Sea Life Aquarium Grapevine to unveil Turtle Rescue Center
06/24/2013 4:34 PM
07/05/2013 10:16 AM
When two damaged Kemp’s ridley sea turtles were brought to Sea Life Aquarium Grapevine, rescuers were hopeful they could be rehabilitated and rejoin other marine life in the wild.
But Roxy and Squirt proved to be too mangled to be returned. Their destiny looked bleak.
“Roxy is missing two limbs after probably getting into a crab’s nest. Nature is sometimes cruel,” said Karen Rifenbury, site displays curator. “Squirt is a boat strike victim with a damaged shell. Both humans and natural environments can cause problems.”
The Sea Life staff bonded quickly with the two endangered turtles and found a solution.
Sea Life is building a Turtle Rescue Center, which it plans to unveil on July 11, the attraction’s second anniversary.
The public exhibit will provide a permanent home for Roxy and Squirt.
“The animals are ambassadors for their community,” Rifenbury said. “It’s a labor of love. That’s what we’re all here for.”
Although Roxy and Squirt will never be freed, “any quality of life we can give these turtles is better than the alternative,” Rifenbury said. “All we can do is offer them the best care possible.”
The rescue center includes display tanks that were specially designed to the depth the injured turtles are able to safely dive, and educational information on conservation and turtle rescue.

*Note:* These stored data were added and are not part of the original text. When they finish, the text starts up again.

(* Let $n\ge 1$ be an integer and suppose that $A\subseteq\mathbb{Z}_5^n$ is a sum-free subset of size $|A|>\frac32\cdot5^{n-1}$. If $H<\mathbb{Z}_5^n$ is a maximal proper subgroup such that every $H$-coset $g+H$ satisfies $|A\cap(g+H)|<\frac12|H|$, then there is at most one $H$-coset $g+H$ with $|A\cap(g+H)|>\frac25|H|$.
   Context: $\mathbb{Z}_5^n$ denotes the elementary abelian $5$-group of rank $n$. A subset $S$ of an abelian group is sum-free if there are no $x,y,z\in S$ (not necessarily distinct) with $x+y=z$. *)

From mathcomp Require Import all_boot all_order all_algebra.
Set Implicit Arguments. Unset Strict Implicit. Unset Printing Implicit Defensive.
Import GRing.Theory.
Local Open Scope ring_scope.

Definition Z5n (n : nat) := 'rV['F_5]_n.

Definition is_subgroup n (H : {set Z5n n}) : Prop :=
  0 \in H /\ (forall x y, x \in H -> y \in H -> x - y \in H).

Definition maximal_proper_subgroup n (H : {set Z5n n}) : Prop :=
  is_subgroup H /\ H != [set: Z5n n] /\
  (forall K : {set Z5n n}, is_subgroup K -> H \subset K ->
     K = H \/ K = [set: Z5n n]).

Definition coset n (g : Z5n n) (H : {set Z5n n}) : {set Z5n n} :=
  [set g + h | h in H].

Definition sum_free n (A : {set Z5n n}) : Prop :=
  forall x y z, x \in A -> y \in A -> z \in A -> x + y != z.

From mathcomp Require Import all_boot all_order all_algebra.
From mathcomp Require Import zify.
Set Implicit Arguments. Unset Strict Implicit. Unset Printing Implicit Defensive.
Import GRing.Theory.
Local Open Scope ring_scope.

(* Write a(g) = |A :&: (g + H)|.  A weak form of Kneser's theorem, proved with
   Dyson's e-transform, gives a nonempty X inside U + W with
   |U| + |W| <= |X| + |Stab X|.  For U, W inside two H-cosets of a 5-group,
   |Stab X| divides both |X| and |H|, so |U| + |W| > 3|H|/5 forces
   |U + W| >= 3|H|/5.  Since A is sum-free, A :&: (a + H) + A :&: (b + H)
   misses A :&: (a + b + H), hence the sum of two heavy cosets (more than
   2|H|/5 elements of A) is light.  As H has index 5, a second heavy coset is
   k g1 + H with k in {2, 3, 4}; k = 2, 3 contradict the previous remark, and
   for k = 4 each of the pairs (0, g1), (4 g1, 2 g1), (g1, 3 g1) sums to a
   heavy coset, so a(x) + a(y) <= 3|H|/5 for each pair, whence
   |A| <= 9|H|/5 - a(g1) < 7|H|/5 <= (7/5) 5^(n-1) < (3/2) 5^(n-1). *)

Section Sumsets.
Variable V : finZmodType.
Implicit Types (I L P Q S T U W X Y : {set V}) (d g h x y z : V).

Definition translate X g : {set V} := [set x + g | x in X].
Definition sumset P Q : {set V} := [set p + q | p in P, q in Q].
Definition stabilizer X : {set V} := [set d | translate X d \subset X].

Lemma mem_translate X g y : (y \in translate X g) = (y - g \in X).
Proof.
apply/imsetP/idP => [[x Xx ->]|Xy]; first by rewrite addrK.
by exists (y - g); rewrite ?subrK.
Qed.

Lemma card_translate X g : #|translate X g| = #|X|.
Proof. exact/card_imset/addIr. Qed.

Lemma translateAC X g h : translate (translate X g) h = translate (translate X h) g.
Proof. by apply/setP => y; rewrite !mem_translate addrAC. Qed.

Lemma translateK X g : translate (translate X g) (- g) = X.
Proof. by apply/setP => y; rewrite !mem_translate opprK addrK. Qed.

Lemma subset_translate2 Y Z g :
  (translate Y g \subset translate Z g) = (Y \subset Z).
Proof.
apply/subsetP/subsetP => sYZ y.
  by move=> Yy; have := sYZ (y + g); rewrite !mem_translate addrK; apply.
by rewrite !mem_translate; apply: sYZ.
Qed.

Lemma mem_sumset P Q p q : p \in P -> q \in Q -> p + q \in sumset P Q.
Proof. by move=> Pp Qq; apply/imset2P; exists p q. Qed.

Lemma sumset_translater P Q h : sumset P (translate Q h) = translate (sumset P Q) h.
Proof.
apply/setP => y; rewrite mem_translate; apply/imset2P/imset2P => -[p q Pp Qq].
  by move=> ->; exists p (q - h); rewrite ?addrA // -mem_translate.
by move/(canRL (subrK h)) ->; exists p (q + h); rewrite ?addrA // mem_translate addrK.
Qed.

Lemma sumsetUI S T : sumset (S :|: T) (S :&: T) \subset sumset S T.
Proof.
apply/subsetP => _ /imset2P[p q + /setIP[Sq Tq] ->]; case/setUP => [Sp|Tp].
  exact: mem_sumset.
by rewrite addrC mem_sumset.
Qed.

“What we’re creating is a turtle rehabilitation center,” Rifenbury said. “The turtles we take in won’t be able to go back out.”
Before being transferred to the aquarium, both injured Kemp’s ridley sea turtles were rescued and rehabilitated by Animal Rehabilitation Keep (ARK) in Port Aransas.

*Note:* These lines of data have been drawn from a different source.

(* Let $k$ be a divisor of $n$ and let $X_k$ be the set of unordered partitions of $\{1,\dots,n\}$ into $k$ cells each of size $n/k$, with the natural action of $S_n$. If $\pi\in S_n$ has $c$ cycles, then the number of elements of $X_k$ fixed by $\pi$ is at most $k^c$. *)

From mathcomp Require Import all_boot all_fingroup.
Set Implicit Arguments. Unset Strict Implicit. Unset Printing Implicit Defensive.

Definition equipartitions (n k : nat) : {set {set {set 'I_n}}} :=
  [set P : {set {set 'I_n}} | [&& partition P [set: 'I_n], #|P| == k
                                 & [forall B in P, #|B| == n %/ k]]].

Definition perm_act_partition (n : nat) (pi : 'S_n) (P : {set {set 'I_n}})
  : {set {set 'I_n}} := [set [set pi x | x in B] | B : {set 'I_n} in P].

(* number of cycles of pi (including fixed points) *)
Definition ncycles (n : nat) (pi : 'S_n) : nat := #|porbits pi|.

From mathcomp Require Import all_boot all_fingroup.

Set Implicit Arguments. Unset Strict Implicit. Unset Printing Implicit Defensive.

(* Double counting.  A partition P fixed by pi, with k cells, has k! labelings
   f : 'I_n -> 'I_k whose fibres are its cells; as pi permutes the cells of P,
   each of them satisfies f \o pi = s \o f for some s in 'S_k.  For a given s,
   such an f is determined by its values on one point of each of the c cycles
   of pi, so there are at most k ^ c of them.  Hence k! times the number of
   fixed partitions is at most k! * k ^ c. *)

Lemma leq_card_ffun_determined (T U : finType)
    (S : {set {ffun T -> U}}) (A : {set T}) :
  {in S &, forall f g : {ffun T -> U}, {in A, f =1 g} -> f = g} ->
  #|S| <= #|U| ^ #|A|.
Proof.
move=> detS; pose res (f : {ffun T -> U}) := [ffun a : {x | x \in A} => f (val a)].
have res_inj : {in S &, injective res}.
  move=> f g Sf Sg /ffunP eq_res; apply: detS => // x Ax.
  by have := eq_res (exist _ x Ax); rewrite !ffunE.
rewrite -(card_in_imset res_inj) -[#|A|]card_sig -card_ffun; exact: max_card.
Qed.

Lemma leq_card_exists (I T : finType) (R : I -> pred T) :
  #|[set x | [exists i, R i x]]| <= \sum_i #|[set x | R i x]|.
Proof.
rewrite -sum1dep_card big_mkcond /=.
under [X in _ <= X]eq_bigr do rewrite -sum1dep_card big_mkcond /=.
rewrite exchange_big /=; apply: leq_sum => x _.
case: existsP => // -[i Rix].
by rewrite (bigD1 i) //= Rix leq_addr.
Qed.

Lemma leq_mul_card_fibers (aT rT : finType) (f : aT -> rT)
    (A : {set aT}) (B : {set rT}) m :
  {in B, forall y, m <= #|[set x in A | f x == y]|} -> m * #|B| <= #|A|.
Proof.
move=> fiberB; rewrite mulnC -sum_nat_const.
apply: (@leq_trans (\sum_(y in B) #|[set x in A | f x == y]|)).
  exact: leq_sum.
have -> : \sum_(y in B) #|[set x in A | f x == y]| = #|[set x in A | f x \in B]|.
  rewrite -sum1dep_card (partition_big f (mem B)) /=; last by move=> x /andP[].
  apply: eq_bigr => y By; rewrite sum1dep_card; apply: eq_card => x.
  by rewrite !inE; case: (f x =P y) => [->|]; rewrite ?andbF ?By ?andbT.
by apply: subset_leq_card; apply/subsetP => x; rewrite inE => /andP[].
Qed.

Lemma porbits_partition (T : finType) (pi : {perm T}) : partition (porbits pi) [set: T].
Proof.
have -> : porbits pi = equivalence_partition (fun x y => y \in porbit pi x) [set: T].
  by apply/setP => B; apply/imsetP/imsetP => -[x _ ->]; exists x => //;
     apply/setP => y; rewrite !inE.
apply: equivalence_partitionP => x y z _ _ _; split; first exact: porbit_id.
by rewrite -eq_porbit_mem => /eqP ->.
Qed.

Section Equivariance.

Variables (T U : finType) (pi : {perm T}) (s : {perm U}).

Definition equivariant (f : T -> U) : bool := [forall x, f (pi x) == s (f x)].

Lemma equivariant_expg f i x :
  equivariant f -> f ((pi ^+ i)%g x) = ((s ^+ i)%g) (f x).
Proof.
move/forallP => fpi; elim: i x => [|i IHi] x; first by rewrite !expg0 !perm1.
by rewrite !expgSr !permM (eqP (fpi _)) IHi.
Qed.

Lemma leq_card_equivariant :
  #|[set f : {ffun T -> U} | equivariant f]| <= #|U| ^ #|porbits pi|.
Proof.
have trX := transversalP (porbits_partition pi).
rewrite -(card_transversal trX); apply: leq_card_ffun_determined => f g.
rewrite !inE => fpi gpi eq_fg; apply/ffunP => x.
pose r := transversal_repr x (transversal (porbits pi) [set: T]) (porbit pi x).
have orbit_x : porbit pi x \in porbits pi by apply: imset_f.
have /porbitP[i ->] : x \in porbit pi r.
  by rewrite porbit_sym (repr_mem_pblock trX).
by rewrite !equivariant_expg // eq_fg // (repr_mem_transversal trX).
Qed.

End Equivariance.

Lemma equivariant_exists (T U : finType) (pi : {perm T}) (g : T -> U) :
  (forall u, exists x, g x = u) ->
  (forall x y, (g (pi x) == g (pi y)) = (g x == g y)) ->
  exists s : {perm U}, equivariant pi s g.
Proof.
move=> g_onto g_pi; have [sec secK] := fin_all_exists g_onto.
have s_inj : injective (fun u => g (pi (sec u))).
  by move=> u v /eqP; rewrite g_pi !secK => /eqP.
by exists (perm s_inj); apply/forallP => x; rewrite permE /= g_pi secK.
Qed.

Lemma eq_preim_partition (T : finType) (rT1 rT2 : eqType)
    (f1 : T -> rT1) (f2 : T -> rT2) (D : {set T}) :
  (forall x y, (f1 x == f1 y) = (f2 x == f2 y)) ->
  preim_partition f1 D = preim_partition f2 D.
Proof. by move=> eq_f; apply: eq_imset => x; apply/setP => y; rewrite !inE eq_f. Qed.

Section Labelings.

Variables (T : finType) (P : {set {set T}}).
Hypothesis partP : partition P [set: T].

Lemma pblock_in_partition x : pblock P x \in P.
Proof. by case/and3P: partP => /eqP coverP _ _; rewrite pblock_mem // coverP. Qed.

Lemma labeling_exists :
  exists g : T -> 'I_#|P|,
    (forall i, exists x, g x = i) /\
    forall x y, (g x == g y) = (pblock P x == pblock P y).
Proof.
have [_ trivP P0] := and3P partP; have memP := pblock_in_partition.
exists (fun x => enum_rank_in (memP x) (pblock P x)); split => [i | x y].
  have PBi : enum_val i \in P := enum_valP i.
  have /set0Pn[x Bx] : enum_val i != set0 by apply: contraNneq P0 => <-.
  exists x; rewrite (eq_enum_rank_in (memP x) PBi) ?memP //.
  by rewrite (def_pblock trivP PBi Bx) enum_valK_in.
apply/eqP/eqP => [/enum_rank_in_inj-> // | eqB]; rewrite ?memP //.
by rewrite (eq_enum_rank_in (memP x) (memP y)) ?memP // eqB.
Qed.

Variable pi : {perm T}.
Hypothesis stableP : [set [set pi x | x in B] | B : {set T} in P] = P.

Lemma pblock_perm x : pblock P (pi x) = pi @: pblock P x.
Proof.
have [/eqP coverP trivP _] := and3P partP.
apply: def_pblock => //; first by rewrite -{2}stableP imset_f ?pblock_in_partition.
by rewrite imset_f // mem_pblock coverP.
Qed.

Lemma fact_leq_card_labelings k : #|P| = k ->
  k`! <= #|[set f : {ffun T -> 'I_k} |
             [exists s, equivariant pi s f] & preim_partition f [set: T] == P]|.
Proof.
move=> <-; have [g [g_onto g_pblock]] := labeling_exists.
have g_pi x y : (g (pi x) == g (pi y)) = (g x == g y).
  by rewrite !g_pblock !pblock_perm (inj_eq (imset_inj perm_inj)).
have [s g_s] := equivariant_exists g_onto g_pi.
pose relabel (t : {perm 'I_#|P|}) := [ffun x => t (g x)].
have relabel_inj : injective relabel.
  move=> t1 t2 /ffunP eq_t; apply/permP => i; have [x <-] := g_onto i.
  by have := eq_t x; rewrite !ffunE.
rewrite -card_Sn -(card_imset _ relabel_inj); apply/subset_leq_card/subsetP.
move=> _ /imsetP[t _ ->]; rewrite inE; apply/andP; split.
  apply/existsP; exists (t^-1 * s * t)%g; apply/forallP => x.
  by rewrite !ffunE (eqP (forallP g_s x)) !permM permK.
apply/eqP/(etrans _ (preim_partition_pblock partP))/eq_preim_partition => x y.
by rewrite !ffunE (inj_eq perm_inj) g_pblock.
Qed.

End Labelings.

Theorem lemma4p3 (n k : nat) (hk : k %| n) (pi : 'S_n) :
  #|[set P in equipartitions n k | perm_act_partition pi P == P]|
    <= k ^ ncycles pi.
Proof.
set Fix := [set P in _ | _].
pose E := [set f : {ffun 'I_n -> 'I_k} | [exists s, equivariant pi s f]].
have fibers : {in Fix, forall P,
    k`! <= #|[set f in E | preim_partition f [set: 'I_n] == P]|}.
  move=> P; rewrite !inE => /andP[/and3P[partP /eqP cardP _] /eqP stableP].
  apply: leq_trans (fact_leq_card_labelings partP stableP cardP) _.
  by apply/subset_leq_card/subsetP => f; rewrite !inE.
have union : #|E| <= k`! * k ^ ncycles pi.
  apply: leq_trans (leq_card_exists _) _.
  rewrite -card_Sn -sum_nat_const leq_sum // => s _.
  by rewrite -[k in k ^ _]card_ord leq_card_equivariant.
have := leq_trans (leq_mul_card_fibers fibers) union.
by rewrite leq_pmul2l ?fact_gt0.
Qed.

Roxy was found stranded off Mustang Island Gulf Beach in 2007 after both left limbs were bitten off. Her right limb had suffered a large bite, limiting mobility on her left side.

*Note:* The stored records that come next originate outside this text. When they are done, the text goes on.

Lemma det_lead_block_orthomx (k : M) :
  k^T *m k = 1%:M -> lead_stable d k -> `|\det (lead_block k)| = 1.
Proof.
move=> kk kS.
have : (lead_block k)^T *m lead_block k = 1%:M.
  apply/matrixP => p q; rewrite !mxE -[RHS](_ : (k^T *m k) (w p) (w q) = _); last first.
    by rewrite kk mxE.
  rewrite [RHS]mxE (sum_lead (F := fun l => k^T (w p) l * k l (w q))).
    by apply: eq_bigr => l _; rewrite !mxE.
  by move=> l dl; rewrite mxE (kS l (w p) dl (ltn_ord p)) mul0r.
move/(congr1 determinant); rewrite det_mulmx det_tr det1 -expr2 => e.
by apply/eqP; rewrite -sqrp_eq1 // real_normK ?num_real // e.
Qed.

Lemma det_lead_block_triu (g : M) : (forall p q : 'I_N, (q < p)%N -> g p q = 0) ->
  \det (lead_block g) = \prod_(p < d) g (w p) (w p).
Proof.
move=> gU; rewrite -det_tr det_trig.
  by apply: eq_bigr => p _; rewrite !mxE.
by apply/forallP => p; apply/forallP => q; apply/implyP => pq; rewrite !mxE gU.
Qed.

Lemma det_rowsub_lead_emb_le (k : M) (f : 'I_d -> 'I_N) :
  k^T *m k = 1%:M -> `|\det (rowsub f (k *m lead_emb))| <= d`!%:R.
Proof.
move=> kk; have := @det_normr_le _ d (rowsub f (k *m lead_emb)) 1.
rewrite expr1n mulr1; apply=> p q; rewrite !mxE.
under eq_bigr do rewrite mxE; rewrite sum_delta_mulr.
exact: orthomx_entry_le1.
Qed.

Lemma lead_emb_mxOver : lead_emb \is a mxOver Num.int.
Proof. by apply/mxOverP => i q; rewrite mxE natr_int. Qed.

Lemma nondeg_lead_emb : nondeg lead_emb.
Proof.
exists w; suff -> : rowsub w lead_emb = 1%:M by rewrite det1 oner_neq0.
by apply/matrixP => p q; rewrite !mxE -val_eqE /= val_eqE.
Qed.

End LeadingBlock.

Section Cone.
Context {R : realType} {N : nat} (blk : 'I_N -> nat).
Local Notation M := 'M[R]_N.

Lemma tr_diag_log (a : M) : is_diag a -> (forall i, 0 < a i i) -> \det a = 1 ->
  \tr (diag_log a) = 0.
Proof.
move=> aD a0 a1; apply: expR_inj; rewrite expR0 /mxtrace expR_sum -[RHS]a1 det_is_diag //.
by apply: eq_bigr => i _; rewrite diag_logE lnK ?posrE.
Qed.

Lemma blk_lt_nblocks i : (blk i < nblocks blk)%N.
Proof. by rewrite ltnS; apply: (leq_bigmax i). Qed.

Lemma Aplus_M_det (a : M) : Aplus_M blk a -> \det a = 1.
Proof.
move=> [aD [_ [a1 _]]]; rewrite det_is_diag //.
rewrite (partition_big (fun i => Ordinal (blk_lt_nblocks i)) xpredT) //=.
by apply: big1 => k _; rewrite -[RHS](a1 k); apply: eq_bigl => i; rewrite -val_eqE.
Qed.

Lemma not_cone_C_partial_sum (a b : M) (C : R) : C < 0 ->
  Aplus_M blk a -> A_I blk b -> ~ cone_C blk C (diag_log a + diag_log b) ->
  exists k0, \sum_(i | (blk i < k0)%N) (diag_log a + diag_log b) i i < C.
Proof.
move=> C0 aA bA; have [aD [a0 [_ a_mono]]] := aA; have [bD [b0 [b1 b_blk]]] := bA.
apply: contra_notP => /forallNP sums_ge; split; [|split; [|split]].
- by move=> i j ij; rewrite !mxE (negbTE ij) addr0.
- by rewrite mxtraceD !tr_diag_log ?addr0 //; exact: Aplus_M_det aA.
- move=> i j ij bij; rewrite max_l ?(ltW C0) // !mxE !eqxx (b_blk i j bij) subr_ge0.
  by rewrite lerD2r ler_ln ?posrE // a_mono.
- by move=> k0 _; rewrite leNgt; apply/negP/sums_ge.
Qed.

Lemma consecutive_blocks_mono : consecutive_blocks blk ->
  forall i j : 'I_N, (i <= j)%N -> (blk i <= blk j)%N.
Proof. by move=> [_ blk_cons] i j ij; case/andP: (blk_cons i j ij). Qed.

Lemma blk_prefix : (forall i j : 'I_N, (i <= j)%N -> (blk i <= blk j)%N) ->
  forall k0, exists2 d, (d <= N)%N & forall i : 'I_N, (i < d)%N = (blk i < k0)%N.
Proof.
move=> blk_mono k0; case: (pselect (exists i : 'I_N, ~~ (blk i < k0)%N)) => [[i0 i0k0]|].
  case: (@arg_minnP _ i0 (fun i => ~~ (blk i < k0)%N) val i0k0) => i1 i1k0 i1min.
  exists i1; first exact: ltnW (ltn_ord i1).
  move=> j; apply/idP/idP => [ji1|jk0].
    by apply: contraTT ji1 => /i1min; rewrite -leqNgt.
  by rewrite ltnNge; apply: contra i1k0 => /blk_mono /leq_ltn_trans; apply.
move=> /forallNP all_lt; exists N => // i; rewrite ltn_ord; apply/esym/negbNE/negP.
exact: all_lt.
Qed.

End Cone.

Section FlagMinors.
Context {R : realType} {N : nat} (blk : 'I_N -> nat).
Hypothesis blk_mono : forall i j : 'I_N, (i <= j)%N -> (blk i <= blk j)%N.
Local Notation M := 'M[R]_N.

Lemma lead_prod_expR d (dN : (d <= N)%N) (a : M) : (forall i, 0 < a i i) ->
  \prod_(p < d) a (widen_ord dN p) (widen_ord dN p) =
  expR (\sum_(i : 'I_N | (i < d)%N) diag_log a i i).
Proof.
move=> a0; rewrite expR_sum (big_ord_narrow dN).
by apply: eq_bigr => p _; rewrite diag_logE lnK ?posrE.
Qed.

Lemma G_hor_lead_decomp d (dN : (d <= N)%N) (h : M) :
  (forall r i : 'I_N, (d <= r)%N -> (i < d)%N -> (blk i < blk r)%N) ->
  G_hor blk h -> exists u k,
    [/\ h = u *m k, lead_stable d u, \det (lead_block dN u) = 1, SON k & lead_stable d k].
Proof.
move=> bd hh; have [u [k [uU kK -> kT]]] := G_hor_decomp blk_mono hh.
exists u, k; split=> // [r i dr id||r i dr id]; last exact/kT/bd.
- by rewrite (proj2 uU) ?(eq_blk_lt (bd r i dr id)) // ltnW ?bd.
- rewrite det_lead_block_triu => [|p q qp].
    by rewrite big1 // => p _; rewrite (proj2 uU) ?eqxx.
  by rewrite (block_unipotent_triu blk_mono (proj2 uU)) 1?ltnW // -val_eqE gtn_eqF.
Qed.

(* [G_hor] preserves the span of the first [d] coordinate vectors, so [x V]
   spans [k] of that subspace, with volume scaled by the leading entries. *)
Lemma minor_le_expR_partial_sum d (dN : (d <= N)%N) k0 (k a b h : M)
    (f : 'I_d -> 'I_N) :
  (forall i : 'I_N, (i < d)%N = (blk i < k0)%N) ->
  SON k -> is_diag a -> (forall i, 0 < a i i) -> is_diag b -> (forall i, 0 < b i i) ->
  G_hor blk h ->
  `|\det (rowsub f (k *m a *m b *m h *m lead_emb dN))| <=
  d`!%:R * expR (\sum_(i | (blk i < k0)%N) (diag_log a + diag_log b) i i).
Proof.
move=> dk0 kK aD a0 bD b0 hh.
have bd (r i : 'I_N) : (d <= r)%N -> (i < d)%N -> (blk i < blk r)%N.
  by rewrite leqNgt !dk0 -leqNgt => /[swap] /leq_trans; apply.
have [u [k' [-> uS det_u k'K k'S]]] := G_hor_lead_decomp dN bd hh.
have abS : lead_stable d (a *m b).
  exact: lead_stable_mul (is_diag_lead_stable aD) (is_diag_lead_stable bD).
have abukS := lead_stable_mul (lead_stable_mul abS uS) k'S.
have -> : k *m a *m b *m (u *m k') *m lead_emb dN =
    k *m lead_emb dN *m lead_block dN (a *m b *m u *m k').
  by rewrite -[RHS]mulmxA -mulmx_lead_emb // !mulmxA.
rewrite -mul_rowsub_mx det_mulmx normrM !lead_block_mul //; last first.
  exact: is_diag_lead_stable.
rewrite !det_mulmx !normrM (det_lead_block_orthomx dN (proj1 k'K) k'S) det_u normr1 !mulr1.
rewrite (det_lead_block_triu dN (is_diag_triu aD)) (det_lead_block_triu dN (is_diag_triu bD)).
rewrite (lead_prod_expR dN a0) (lead_prod_expR dN b0) !(ger0_norm (expR_ge0 _)) -expRD.
rewrite [X in _ <= _ * expR X](eq_bigl (fun i : 'I_N => (i < d)%N)) => [|i]; last first.
  by rewrite dk0.
rewrite -big_split /= (eq_bigr (fun i => (diag_log a + diag_log b) i i)) => [|i _].
  by apply: ler_wpM2r; [exact: expR_ge0 | exact: det_rowsub_lead_emb_le (proj1 kK)].
by rewrite !mxE.
Qed.

End FlagMinors.

Lemma conj_sub_le {R : realType} {N : nat} (Gam Gam' : set 'M[R]_N) q :
  is_subgroup Gam -> Gam' `<=` Gam -> Gam q -> conj_sub Gam' q `<=` Gam.
Proof.
move=> [_ [_ [Gammul Gaminv]]] Gam'Gam Gamq _ [g [Gam'g ->]].
exact/Gammul/Gamq/Gammul/Gam'Gam/Gam'g/Gaminv.
Qed.

Unset Implicit Arguments.

Theorem lemma4p12 (R : realType) (N : nat) (hN : (2 <= N)%N)
  (blk : 'I_N -> nat) (hblk : consecutive_blocks blk)
  (Gam Gam' : set 'M[R]_N) (q : 'M[R]_N)
  (hGam : is_subgroup Gam) (hcomm : commensurable_SLNZ Gam)
  (hGam' : is_subgroup Gam') (hsub : Gam' `<=` Gam)
  (hfin : finite_index Gam' Gam) (hneat : neat Gam') (hq : Gam q)
  (B : set 'M[R]_N) (hB : quot_compact (conj_sub Gam' q) B) :
  exists C : R, C < 0 /\
    forall k a b : 'M[R]_N, SON k -> Aplus_M blk a -> A_I blk b ->
      ~ cone_C blk C (diag_log a + diag_log b) ->
      forall h, G_hor blk h -> ~ B (k *m a *m b *m h).
Proof.
(* Neither [N >= 2] nor the finite index and neatness of [Gam'] are needed. *)
have blk_mono := consecutive_blocks_mono hblk.
have [n Bn] := quot_compact_minor_bounded hGam (proj1 hcomm) (conj_sub_le hGam hsub hq) hB.
pose P : R := n.+2%:R * N`!%:R.
have P0 : 0 < P by rewrite mulr_gt0 ?ltr0n ?fact_gt0.
have C0 : - ln P < 0.
  by rewrite oppr_lt0 ln_gt0 // /P -natrM ltr1n (leq_trans _ (leq_pmulr _ (fact_gt0 N))).
exists (- ln P); split=> // k a b kK aA bA not_cone h hh Bx.
have [k0 sum_lt] := not_cone_C_partial_sum C0 aA bA not_cone.
have [d dN dk0] := blk_prefix blk_mono k0.
have [f minor_ge] := Bn _ Bx (proj1 hB _ Bx) d dN _ (lead_emb_mxOver dN) (nondeg_lead_emb dN).
have [[aD [a0 _]] [bD [b0 _]]] := (aA, bA).
have minor_le := minor_le_expR_partial_sum blk_mono dN f dk0 kK aD a0 bD b0 hh.
have fact0 : 0 < N`!%:R :> R by rewrite ltr0n fact_gt0.
have bound : N`!%:R * expR (- ln P) = n.+2%:R^-1.
  by rewrite expRN lnK ?posrE // invfM mulrCA mulfV ?gt_eqF // mulr1.
have : n.+1%:R^-1 < n.+2%:R^-1 :> R.
  rewrite -bound; apply: le_lt_trans minor_ge (le_lt_trans minor_le _).
  have fact_le : d`!%:R <= N`!%:R :> R by rewrite ler_nat leq_fact.
  apply: le_lt_trans (ler_wpM2r (expR_ge0 _) fact_le) _.
  by rewrite ltr_pM2l // ltr_expR.
by rewrite ltf_pV2 ?posrE ?ltr0n // ltr_nat ltnNge leqnSn.
Qed.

Squirt was found stranded on the Padre Island National Seashore in 2009 after a boat strike caused paralysis of both rear flippers and a cracked shell, affecting the ability to dive.
Both turtles were named in a Sea Life contest: Roxy kept her original name and Squirt was the overwhelming choice because of a sea turtle character in the movie Finding Nemo.
“Roxy weighed 14 grams when we found her as a small hatchling — no bigger than a silver dollar — and ARK raised her to 19 kilograms,” Rifenbury said. “Squirt has bubble butt due to her boat strike accident. When she heals, we will attach a small weight that will allow her to dive.”
By taking in sea turtles, Sea Life will allow ARK and other sanctuaries to free up space for animals that are releasable, Rifenbury said.
In addition to seeing the two endangered sea turtles in the new exhibit, visitors will also be able to learn about Flip, a Kemp’s ridley sea turtle found stranded on the shores of the Netherlands. Sea Life Grapevine, along with its sister attraction in Holland, coordinated the turtle’s rehabilitation and transport back to the United Stated, and worked alongside ARK to assist with the turtle’s release back into its native Gulf of Mexico in November.
In the aquarium’s ocean tank, guests can view Hope, a green sea turtle who was rescued after being hit by a boat off the coast of Florida.
Low windows in the new exhibit will provide youngsters the opportunity to see the critters “eye-to-eye,” Rifenbury said.
Iain Scouller, Sea Life Aquarium Grapevine general manager, said the organization is excited to provide a home for the sea creatures that will offer sea turtle education and ocean conservation.
“Along with learning more about sea turtles, we want Sea Life visitors to know that whether it’s conservation or recycling, you don’t have to live by the beach to make a difference for the creatures living in our oceans.” he said.
In celebration of the rescue center opening and the attraction’s second anniversary, a party with cake will be held at 4 p.m. July 11 on the second level of the attraction.
“We hope by telling these stories that people can make at least one change,” Rifenbury said, such as not putting trash in the ocean or driving boats too fast, especially in sanctuary sites.
“These animals are paying the ultimate price,” she said. “We want to trigger some good actions by people to care.”